» **Aim of the exercise**
In the records below, locate the line containing "Import Order.TTheory GRing.Theory."; output that line and every following line through the last, exactly.

(Collected data entries)
(* Let $\varphi\colon V \to \left( F(r_L, r_Lr_P) \right)^{r_P}$ be the map sending $L \in V$ to $F_{\alpha_1}(L, r_Lr_P) \oplus \ldots \oplus F_{\alpha_{r_P}}(L, r_Lr_P)$. Then $\varphi$ is a surjective map of algebraic sets, and all fibers of $\varphi$ have the same dimension.
   Context: Let $C$ be a field of characteristic zero with algebraic closure $\bar C$, and $\partial x = x\partial+1$. Fix $P\in C[x,y]$ with $r_P=\deg_y P>1$ such that $P(0,y)$ is squarefree of degree $r_P$, and let $g_1,\ldots,g_{r_P}\in\bar C[[x]]$ be the power series roots of $P(x,y)=0$ at zero, with $\alpha_i = g_i(0)$ (these are distinct). Let $d_L\geq (r_Lr_P - r_L + 1)r_P$, and let $V$ be the set of all $L\in\bar C[x][\partial]$ of order $r_L$ and degree at most $d_L$ whose leading coefficient $\operatorname{lc}_\partial(L)$ does not vanish at $\alpha_1,\ldots,\alpha_{r_P}$. For an operator $L$ of order $r$ whose leading coefficient does not vanish at $\alpha$, and $d_1\geq r$, the fundamental matrix of degree $d_1$ at $\alpha$, $F_\alpha(L,d_1)$, is the $r\times(d_1+1)$ matrix whose first $r$ columns form the identity matrix $I_r$ and each of whose rows consists of the first $d_1+1$ coefficients (in powers of $x-\alpha$) of some power series solution of $L$ at $x=\alpha$. $F(r,d)$ denotes the space of all possible fundamental matrices of degree $d$ for operators of order $r$; it is isomorphic to the affine space $\mathbb{A}^{r(d+1-r)}$. *)

From HB Require Import structures.
From mathcomp Require Import all_boot all_order all_algebra.
From mathcomp Require Import mpoly.
From Stdlib Require Import ClassicalEpsilon.
Set Implicit Arguments. Unset Strict Implicit. Unset Printing Implicit Defensive.
Import Order.TTheory GRing.Theory.
Local Open Scope ring_scope.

» **Task output**
Import Order.TTheory GRing.Theory.
Local Open Scope ring_scope.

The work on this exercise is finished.